Лиза вдруг побледнела, вскрикнула, ахнула и бросилась за решетку. Тут произошла быстрая, истерическая сцена: она изо всех сил стала подымать Маврикия Николаевича с колен, дергая его обеими руками за локоть.
Вставайте, вставайте! - вскрикивала она как без памяти, - встаньте сейчас, сейчас! Как вы смели стать!
Мврикий Николаевич приподнялся с колен. Она стиснула своими руками его руки выше локтей и пристально смотрела ему в лицо. Страх был в ее взгляде.
- Миловзоры, миловзоры! - повторил еще раз Семен Яковлевич.
Она втащила наконец Маврикия Николаевича обратно за решетку; во всей нашей толпе произошло сильное движение. Дама из нашей коляски вероятно желая перебить впечатление, в третий раз звонко и визгливо вопросила Семена Яковлевича, попрежнему с жеманною улыбкой:
- Что же, Семен Яковлевич, неужто не "изречете" и мне чего-нибудь? А я так много на вас рассчитывала.

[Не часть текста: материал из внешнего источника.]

(* Let $\mathsf M=\mathsf F(E)$ be a free PROP and $\mathcal E$ any PROP. The graded vector space $\mathrm{Der}(\mathsf M,\mathsf M*\mathcal E)$ is a graded pre-Lie algebra with product $\theta\diamond\phi:=(-1)^{|\theta||\phi|}\mathrm{Ex}(\tilde\phi\circ\theta|_E)$; that is, the associator $(\theta\diamond\phi)\diamond\psi-\theta\diamond(\phi\diamond\psi)$ is graded symmetric in $\phi$ and $\psi$ for all $\theta,\phi,\psi$.
   Context: Graded vector spaces over a field of characteristic zero, Koszul signs. $\mathsf F(E)$ is the free PROP on a $\Sigma$-bimodule $E$; $\mathsf M*\mathcal E$ is the coproduct of PROPs, an $\mathsf M$-module via the inclusion $\mathsf M\hookrightarrow\mathsf M*\mathcal E$. $\mathrm{Der}(\mathsf P,U)$ is the graded space of derivations (maps of $\Sigma$-bimodules that are Koszul-signed derivations for both horizontal and vertical compositions). Restriction to generators gives an isomorphism $\mathrm{Der}(\mathsf M,\mathsf M*\mathcal E)\cong\mathrm{Lin}_{\Sigma\text{-}\Sigma}(E,\mathsf M*\mathcal E)$; for $u\in\mathrm{Lin}_{\Sigma\text{-}\Sigma}(E,\mathsf M*\mathcal E)$, $\mathrm{Ex}(u)$ denotes the unique derivation with $\mathrm{Ex}(u)|_E=u$. Every $\phi\in\mathrm{Der}(\mathsf M,\mathsf M*\mathcal E)$ extends uniquely to $\tilde\phi\in\mathrm{Der}(\mathsf M*\mathcal E)$ with $\tilde\phi|_{\mathcal E}=0$. A graded pre-Lie algebra is a graded space with a bilinear product whose associator is graded symmetric in the last two variables. *)

(* Graded PROPs over a field K, as in the paper:
   a PROP is a graded Sigma-bimodule {P(m,n)} (m outputs, n inputs) with
   vertical composition  P(m,n) x P(n,k) -> P(m,k),
   horizontal composition P(m1,n1) x P(m2,n2) -> P(m1+m2,n1+n2),
   units 1_n in P(n,n), subject to the usual axioms with Koszul signs. *)
From HB Require Import structures.
From mathcomp Require Import all_boot all_order all_fingroup all_algebra.
Set Implicit Arguments. Unset Strict Implicit. Unset Printing Implicit Defensive.
Import GRing.Theory.
Local Open Scope ring_scope.

Definition ksgn {K : fieldType} (a b : int) : K := (-1) ^+ absz (a * b)%R.

Definition castP (T : nat -> nat -> Type) (m n m' n' : nat)
  (em : m = m') (en : n = n') (x : T m n) : T m' n' :=
  eq_rect n (fun n0 => T m' n0) (eq_rect m (fun m0 => T m0 n) x m' em) n' en.
Arguments castP T {m n m' n'} em en x.

Definition pprod_fun m1 m2 (s1 : 'S_m1) (s2 : 'S_m2) (i : 'I_(m1 + m2)) : 'I_(m1 + m2) :=
  unsplit (match split i with inl k => inl (s1 k) | inr k => inr (s2 k) end).

Lemma pprod_inj m1 m2 (s1 : 'S_m1) (s2 : 'S_m2) : injective (pprod_fun s1 s2).
Proof.
move=> i j; rewrite /pprod_fun => /(congr1 split); rewrite !unsplitK => E.
apply: (can_inj splitK).
by move: E; case: (split i) => [k|k]; case: (split j) => [l|l] //= [/perm_inj ->].
Qed.

Definition pprod m1 m2 (s1 : 'S_m1) (s2 : 'S_m2) : 'S_(m1 + m2) := perm (@pprod_inj m1 m2 s1 s2).

(* block transposition  blk m1 m2 : i |-> m1 + i  if i < m2,  i - m2 otherwise *)
Definition blk_fun m1 m2 (i : 'I_(m1 + m2)) : 'I_(m1 + m2) :=
  unsplit (match split (cast_ord (addnC m1 m2) i) with inl k => inr k | inr k => inl k end).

- В... тебя, в... тебя!.. - произнес вдруг, обращаясь к ней, Семен Яковлевич крайне нецензурное словцо. Слова сказаны были свирепо и с ужасающею отчетливостью. Наши дамы взвизгнули и бросились стремглав бегом вон, кавалеры гомерически захохотали. Тем и кончилась наша поездка к Семену Яковлевичу.

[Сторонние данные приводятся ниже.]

(* Let $X$ be a Banach space, $T>0$, $p\in\{1,2\}$ the order of the BDF method used (BDF1 or BDF2), and $r\in\{1,\dots,p\}$. Let $f\in C^r([0,T];X)$ and $\widetilde f\in C([0,T];X)$ with $0=f(0)=f'(0)=\dots=f^{(r-1)}(0)=\widetilde f(0)$ (both extended by zero to negative times). Then for all $n$ with $t=t_n=n\Delta t\le T$, $$\big\|(\partial_t^{-1}f)(t)-[(\partial_t^{\Delta t})^{-1}\widetilde f]^n\big\|_X\le Ct\Big[(\Delta t)^r\max_{\tau\in[0,t]}\|f^{(r)}(\tau)\|_X+\max_{\tau\in[0,t]}\|f(\tau)-\widetilde f(\tau)\|_X\Big].$$
   Context: $\partial_t^{-1}f(t)=\int_0^tf(\xi)\,d\xi$. Convolution quadrature: BDF1 has $\delta(z)=1-z$, BDF2 has $\delta(z)=\frac32-2z+\frac12z^2$; the weights $w_j$ are defined by $\frac{\Delta t}{\delta(z)}=\sum_{j\ge0}w_jz^j$, and $[(\partial_t^{\Delta t})^{-1}\widetilde f]^n=\sum_{j=0}^nw_j\widetilde f(t_{n-j})$, $t_j=j\Delta t$. The constant $C$ is independent of $\Delta t$, $f$, $\widetilde f$ and $n$. *)

From Stdlib Require Import Reals.
From Coquelicot Require Import Coquelicot.
Open Scope R_scope.

(* Coefficients delta_k of the BDF generating polynomial delta(z) = sum_k delta_k z^k.
   p = 1 : BDF1, delta(z) = 1 - z.
   p = 2 : BDF2, delta(z) = 3/2 - 2 z + 1/2 z^2. *)
Definition bdf_delta (p k : nat) : R :=
  match p, k with
  | 1%nat, 0%nat => 1
  | 1%nat, 1%nat => -1
  | 2%nat, 0%nat => 3/2
  | 2%nat, 1%nat => -2
  | 2%nat, 2%nat => 1/2
  | _, _ => 0
  end.

(* Convolution quadrature weights w_j, i.e. the power-series coefficients of
   dt / delta(z) = sum_j w_j z^j.  The formal reciprocal is computed by the
   Cauchy-product recursion  sum_{k=0}^{j} delta_k w_{j-k} = dt * [j = 0]
   (delta has degree <= 2 and delta_0 <> 0). *)
Fixpoint cq_weight (p : nat) (dt : R) (j : nat) : R :=
  match j with
  | O => dt / bdf_delta p 0
  | S j' =>
      let w1 := cq_weight p dt j' in
      let w2 := match j' with O => 0 | S j'' => cq_weight p dt j'' end in
      - (bdf_delta p 1 * w1 + bdf_delta p 2 * w2) / bdf_delta p 0
  end.

Definition cq_inv {X : NormedModule R_AbsRing} (p : nat) (dt : R)
  (g : R -> X) (n : nat) : X :=
  sum_n (fun j => scal (cq_weight p dt j) (g (INR (n - j) * dt))) n.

И однако же тут, говорят, произошел еще один чрезвычайно загадочный случай и, признаюсь, для него-то более я и упомянул так подробно об этой поездке.
Говорят, что когда все гурьбой бросились вон, то Лиза, поддерживаемая Маврикием Николаевичем, вдруг столкнулась в дверях, в тесноте, с Николаем Всеволодовичем. Надо сказать, со времени воскресного утра и обморока они оба хоть и встречались не раз, но друг к другу не подходили и ничего между собою не сказали. Я видел, как они столкнулись в дверях: мне показалось, что они оба на мгновение приостановились и как-то странно друг на друга поглядели. Но я мог худо видеть в толпе. Уверяли, напротив, и совершенно серьезно, что Лиза, взглянув на Николая Всеволодовича, быстро подняла руку, так-таки вровень с его лицом и наверно бы ударила, если бы тот не успел отстраниться. Может быть ей не понравилось выражение лица его или какая-нибудь усмешка его, особенно сейчас, после такого эпизода с Маврикием Николаевичем. Признаюсь, я сам не видел ничего, но за то все уверяли, что видели, хотя все-то уж никак не могли этого увидать за суматохой, а разве иные. Только я этому тогда не поверил. Помню однако, что Николай Всеволодович во всю обратную дорогу был несколько бледен. III.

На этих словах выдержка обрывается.